I found this thread: https://forum.deepstack.cc/t/didnt-detect-the-cat/497

And it got me thinking, Today I'm using zones in BI for the motion sensing to reduce the number of images to be processed. Since I already have determined what part of the picture I'm interested in, would it not be logical to actually crop images before sending them to Deepstack?

The benefits would be smaller images and faster processing. Quicker processing would allow more frames to be processed, helping where the system is bogged down when many cameras trigger at once, or when higher bursts of images are needed to get a detection (like APR?).

Could it be implemented like the manual masking tool? Even a simple cropping-rectangle could easily save at least some performance.

MissMusic avatar Nov 23 '20 08:11 MissMusic

Good idea, I can look into that. But be aware you loose a little quality every-time a JPG file is re-saved due to lossy compression.

Which reminds me that I think most of these object detection tools internally resize the image file to match the dimensions of the original training datasets BEFORE asking the AI what objects are in the image. For example, see the INPUT SIZE here: https://coral.ai/models/

And when I dug into some of the python code that deepstack uses I believe it does the same thing and the difference between LOW, MEDIUM and HIGH is how big the training dataset was and what it re-sizes the image to before it has the AI process it. And I believe I verified their image set size was also very small like less than 300x300 pixels.

Doods for example says "You should optimally pass image data in the requested size for the detector. If not, it will be automatically resized. It can read BMP, PNG and JPG as well as PPM. For detectors that do not specify a size (inception) you do not need to resize"

So maybe I'll look into resizing before sending. At the very least that will send less image data via http post. But then again I could be totally misunderstanding how it works behind the scenes since I havent had a chance to dig very much.

VorlonCD avatar Nov 23 '20 14:11 VorlonCD

Interesting!

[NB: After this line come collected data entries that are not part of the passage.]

(* Let $n\ge2$, $p\in(1,2)\cup(2,\infty)$ and $\gamma<\gamma_{n,p}:=\min\{p+\frac{n}{n-1},\,3+\frac{p-1}{n-1}\}$. Let $\Omega\subset\mathbb{R}^n$ be a domain, $u$ a weak solution of $\operatorname{div}(|Du|^{p-2}Du)=0$ in $\Omega$, $U\Subset\Omega$ a smooth domain, $\varepsilon\in(0,1]$, and let $u^\varepsilon\in W^{1,p}(U)\cap C^0(\overline U)$ be the weak solution of $\operatorname{div}([|Du^\varepsilon|^2+\varepsilon]^{\frac{p-2}2}Du^\varepsilon)=0$ in $U$, $u^\varepsilon=u$ on $\partial U$ (which belongs to $C^\infty(U)$). Then for all $\phi\in C_c^\infty(U)$, $$\int_U\frac{|D^2u^\varepsilon Du^\varepsilon|^2}{|Du^\varepsilon|^2+\varepsilon}[|Du^\varepsilon|^2+\varepsilon]^{\frac{p-\gamma}2}\phi^2\,dx+\int_U(\Delta u^\varepsilon)^2[|Du^\varepsilon|^2+\varepsilon]^{\frac{p-\gamma}2}\phi^2\,dx\le C(n,p,\gamma)\int_U[|Du^\varepsilon|^2+\varepsilon]^{\frac{p-\gamma+2}2}|D\phi|^2\,dx,$$ with $C(n,p,\gamma)$ depending only on $n,p,\gamma$. *)

From Stdlib Require Import Reals.
From Coquelicot Require Import Coquelicot.
From mathcomp Require Import ssreflect ssrfun ssrbool eqtype ssrnat seq fintype bigop.

Set Implicit Arguments.
Unset Strict Implicit.

Local Open Scope R_scope.

Definition Pt (n : nat) := 'I_n -> R.

Definition upd (n : nat) (x : Pt n) (i : 'I_n) (t : R) : Pt n :=
  fun j => if j == i then t else x j.

Definition partial (n : nat) (i : 'I_n) (f : Pt n -> R) (x : Pt n) : R :=
  Derive (fun t => f (upd x i t)) (x i).

Fixpoint iter_partial (n : nat) (l : seq 'I_n) (f : Pt n -> R) : Pt n -> R :=
  match l with
  | [::] => f
  | i :: l' => partial i (iter_partial l' f)
  end.

Definition sumR (n : nat) (F : 'I_n -> R) : R := \big[Rplus/0]_(i < n) F i.

Definition norm2 (n : nat) (v : 'I_n -> R) : R := sumR (fun i => v i * v i).

Definition grad (n : nat) (f : Pt n -> R) (x : Pt n) : 'I_n -> R :=
  fun i => partial i f x.

Definition hess (n : nat) (f : Pt n -> R) (x : Pt n) (i j : 'I_n) : R :=
  partial i (partial j f) x.

Definition laplacian (n : nat) (f : Pt n -> R) (x : Pt n) : R :=
  sumR (fun i => hess f x i i).

Definition hess_grad (n : nat) (f : Pt n -> R) (x : Pt n) : 'I_n -> R :=
  fun i => sumR (fun j => hess f x i j * partial j f x).

Definition near_pt (n : nat) (x y : Pt n) (d : R) : Prop :=
  forall i, Rabs (y i - x i) < d.

Definition open_Rn (n : nat) (U : Pt n -> Prop) : Prop :=
  forall x, U x -> exists d, 0 < d /\ forall y, near_pt x y d -> U y.

Definition bounded_Rn (n : nat) (U : Pt n -> Prop) : Prop :=
  exists M, forall x, U x -> forall i, Rabs (x i) <= M.

Definition cont_at (n : nat) (f : Pt n -> R) (x : Pt n) : Prop :=
  forall eps, 0 < eps -> exists d, 0 < d /\
    forall y, near_pt x y d -> Rabs (f y - f x) < eps.

Definition smooth_on (n : nat) (U : Pt n -> Prop) (f : Pt n -> R) : Prop :=
  forall (l : seq 'I_n) (x : Pt n), U x ->
    cont_at (iter_partial l f) x /\
    forall i : 'I_n, ex_derive (fun t => iter_partial l f (upd x i t)) (x i).

(* the support of phi is a compact subset of the open set U:
   {phi <> 0} is bounded and stays at (sup-)distance >= d > 0 from the
   complement of U. *)
Definition compact_support_in (n : nat) (U : Pt n -> Prop) (phi : Pt n -> R) : Prop :=
  exists M d, 0 < d /\ forall x, phi x <> 0 ->
    (forall i, Rabs (x i) <= M) /\ forall y, near_pt x y d -> U y.

Definition test_fun (n : nat) (U : Pt n -> Prop) (phi : Pt n -> R) : Prop :=
  smooth_on (fun _ => True) phi /\ compact_support_in U phi.

Definition ext_pt (k : nat) (y : Pt k) (t : R) : Pt k.+1 :=
  fun j => match unlift ord_max j with Some j' => y j' | None => t end.

Fixpoint box_int (n : nat) (M : R) : (Pt n -> R) -> R :=
  match n return (Pt n -> R) -> R with
  | 0 => fun f => f (fun _ => 0)
  | k.+1 => fun f => RInt (fun t => box_int M (fun y : Pt k => f (ext_pt y t))) (- M) M
  end.

Definition reg_plap_sol (n : nat) (p eps : R) (U : Pt n -> Prop) (v : Pt n -> R) : Prop :=
  forall x, U x ->
    sumR (fun i => partial i
      (fun y => Rpower (norm2 (grad v y) + eps) ((p - 2) / 2) * partial i v y) x) = 0.

Definition gamma_np (n : nat) (p : R) : R :=
  Rmin (p + INR n / (INR n - 1)) (3 + (p - 1) / (INR n - 1)).

From HB Require Import structures.
From Stdlib Require Import Reals Lra Psatz FunctionalExtensionality Classical ClassicalEpsilon.
From Coquelicot Require Import Coquelicot.
From mathcomp Require Import ssreflect ssrfun ssrbool eqtype ssrnat seq fintype bigop.

Set Implicit Arguments.
Unset Strict Implicit.

Local Open Scope R_scope.

(* Let a := |Dv|^2 + eps and w := a^((p - gamma)/2).  As phi has compact support, the
   integral of the divergence of (Δv Dv - D^2v Dv) w phi^2 vanishes, and pointwise this
   divergence equals
     ((Δv)^2 - |D^2v|^2) w phi^2 + (p - gamma) (w/a) phi^2 (Δv <Dv, D^2v Dv> - |D^2v Dv|^2)
     + 2 w phi (Δv <Dv, Dphi> - <D^2v Dv, Dphi>).
   The equation in nondivergence form, a Δv = -(p - 2) <Dv, D^2v Dv>, and a lower bound for
   the norm of a symmetric matrix in terms of its trace and of its action on Dv show that
   minus the first two terms dominate c (|D^2v Dv|^2 / a + (Δv)^2) w phi^2 with c > 0,
   exactly when gamma < gamma_{n,p}.  Young's inequality absorbs the last term at the
   price of a^((p - gamma)/2 + 1) |Dphi|^2. *)

HB.instance Definition _ := Monoid.isComLaw.Build R 0 Rplus
  (fun x y z => esym (Rplus_assoc x y z)) Rplus_comm Rplus_0_l.
HB.instance Definition _ := Monoid.isMulLaw.Build R 0 Rmult Rmult_0_l Rmult_0_r.
HB.instance Definition _ :=
  Monoid.isAddLaw.Build R Rmult Rplus Rmult_plus_distr_r Rmult_plus_distr_l.

Section Sums.
Variable n : nat.
Implicit Types (F G : 'I_n -> R) (a b : 'I_n -> R).

Lemma eq_sumR F G : (forall i, F i = G i) -> sumR F = sumR G.
Proof. by move=> FG; apply: eq_bigr => i _. Qed.

Lemma sumRD F G : sumR (fun i => F i + G i) = sumR F + sumR G.
Proof. exact: big_split. Qed.

Lemma sumR_mull c F : sumR (fun i => c * F i) = c * sumR F.
Proof. by rewrite /sumR big_distrr. Qed.

Lemma sumR_mulr c F : sumR (fun i => F i * c) = sumR F * c.
Proof. by rewrite /sumR big_distrl. Qed.

Lemma sumR0 : sumR (fun _ : 'I_n => 0) = 0.
Proof. exact: big1. Qed.

Lemma sumR1 : sumR (fun _ : 'I_n => 1) = INR n.
Proof.
rewrite /sumR big_const_ord; elim: n => //= k ->.
by case: k => [|k]; rewrite /= ?Rplus_0_r // Rplus_comm.
Qed.

Lemma sumR_ge0 F : (forall i, 0 <= F i) -> 0 <= sumR F.
Proof. by move=> F0; apply: (big_ind (fun x => 0 <= x)) => //; [lra | move=> *; lra]. Qed.

Lemma exchange_sumR (F : 'I_n -> 'I_n -> R) :
  sumR (fun i => sumR (fun j => F i j)) = sumR (fun j => sumR (fun i => F i j)).
Proof. exact: exchange_big. Qed.

Lemma sumR_kronecker F i : sumR (fun j => F j * (if i == j then 1 else 0)) = F i.
Proof.
rewrite /sumR (bigD1 i) //= eqxx big1 ?Rmult_1_r ?Rplus_0_r // => j /negbTE.
by rewrite eq_sym => ->; rewrite Rmult_0_r.
Qed.

Lemma norm2_ge0 a : 0 <= norm2 a.
Proof. by apply: sumR_ge0 => i; apply: Rle_0_sqr. Qed.

Lemma norm2_eq0 a : norm2 a = 0 -> forall i, a i = 0.
Proof.
move=> a0 i; have: a i * a i <= norm2 a.
  rewrite /norm2 /sumR (bigD1 i) //= -[X in X <= _]Rplus_0_r.
  apply: Rplus_le_compat_l; apply: (big_ind (fun x => 0 <= x)) => [|x y|j _];
    [lra | lra | exact: Rle_0_sqr].
rewrite a0 => h; apply: Rsqr_0_uniq; apply: Rle_antisym => //; exact: Rle_0_sqr.
Qed.

Definition dsum (F : 'I_n -> 'I_n -> R) := sumR (fun i => sumR (fun j => F i j)).

Lemma eq_dsum (F G : 'I_n -> 'I_n -> R) :
  (forall i j, F i j = G i j) -> dsum F = dsum G.
Proof. by move=> FG; apply: eq_sumR => i; apply: eq_sumR => j. Qed.

Lemma dsumD (F G : 'I_n -> 'I_n -> R) :
  dsum (fun i j => F i j + G i j) = dsum F + dsum G.
Proof. by rewrite /dsum -sumRD; apply: eq_sumR => i; apply: sumRD. Qed.

Lemma dsum_mull c (F : 'I_n -> 'I_n -> R) :
  dsum (fun i j => c * F i j) = c * dsum F.
Proof. by rewrite /dsum -sumR_mull; apply: eq_sumR => i; apply: sumR_mull. Qed.

Lemma dsum_prod a b : dsum (fun i j => a i * b j) = sumR a * sumR b.
Proof. by rewrite /dsum -sumR_mulr; apply: eq_sumR => i; apply: sumR_mull. Qed.

Lemma dsum_ge0 (F : 'I_n -> 'I_n -> R) : (forall i j, 0 <= F i j) -> 0 <= dsum F.
Proof. by move=> F0; apply: sumR_ge0 => i; apply: sumR_ge0. Qed.

Lemma cauchy_schwarz a b :
  sumR (fun i => a i * b i) * sumR (fun i => a i * b i) <= norm2 a * norm2 b.
Proof.
have := dsum_ge0 (fun i j => pow2_ge_0 (a i * b j - a j * b i)).
have -> : dsum (fun i j => (a i * b j - a j * b i) ^ 2) =
  dsum (fun i j => (a i * a i) * (b j * b j)) + dsum (fun i j => (b i * b i) * (a j * a j))
  + (-2) * dsum (fun i j => (a i * b i) * (a j * b j)).
  by rewrite -dsum_mull -!dsumD; apply: eq_dsum => i j; ring.
rewrite !dsum_prod -/(norm2 a) -/(norm2 b); lra.
Qed.

End Sums.

Lemma INR_pred_ge1 n : (2 <= n)%nat -> 1 <= INR n - 1.
Proof. by move=> n2; have := le_INR 2 n (elimT leP n2); rewrite /=; lra. Qed.

Section SymmetricMatrixBound.
Variables (n : nat) (A : 'I_n -> 'I_n -> R) (g : 'I_n -> R).
Hypothesis A_sym : forall i j, A i j = A j i.

Let Ag i := sumR (fun j => A i j * g j).
Let t := norm2 g.
Let V := norm2 Ag.
Let P := sumR (fun i => g i * Ag i).
Let L := sumR (fun i => A i i).
Let Agg i j := Ag i * g j.
Let gAg i j := g i * Ag j.
Let gg i j := g i * g j.
Let I (i j : 'I_n) := if i == j then 1 else 0.

Lemma frob_A_Agg : dsum (fun i j => A i j * Agg i j) = V.
Proof.
apply: eq_sumR => i; rewrite /Agg -sumR_mull.
by apply: eq_sumR => j; ring.
Qed.

Lemma frob_A_gAg : dsum (fun i j => A i j * gAg i j) = V.
Proof.
rewrite /dsum exchange_sumR -frob_A_Agg; apply: eq_sumR => i; apply: eq_sumR => j.
by rewrite /Agg /gAg A_sym; ring.
Qed.

Lemma frob_A_gg : dsum (fun i j => A i j * gg i j) = P.
Proof.
apply: eq_sumR => i; rewrite /gg -sumR_mull.
by apply: eq_sumR => j; ring.
Qed.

So basically the processing time would not be affected by a smaller input image.

However, if the image is resized by Deepstack or Doods, and especially if it's to a quite small new size, could cropping the original image and thereby "enlarging" the objects of interest, increase the detection rate or probability-score?

Yes re-saving the image when working in a lossy format would degrade its quality, but for most of us, a still from a camera captured from a h.264/h.265 stream would not be that great to begin with and i don't expect much more detail to be lost. Another interesting aspect is how, or if, this would do any real difference for the AI as it's clearly not looking at the image and details the same way we do. But such speculation is a bit off topic. ;)

MissMusic avatar Nov 23 '20 14:11 MissMusic

I keep starting and stopping working on this feature due to squirrels but its halfway there. Ability to change size, jpeg compression, brightness, contrast before sending to deepstack. I'll get it in eventually!

VorlonCD avatar Feb 14 '21 22:02 VorlonCD

This is less of an issue for me right now. With the new GPU powered deepstack i can run uncropped 1920x1080 images at speeds fast enough anyway. It would be nice to crop away areas not of interest to save compute power, or for systems with even more cameras.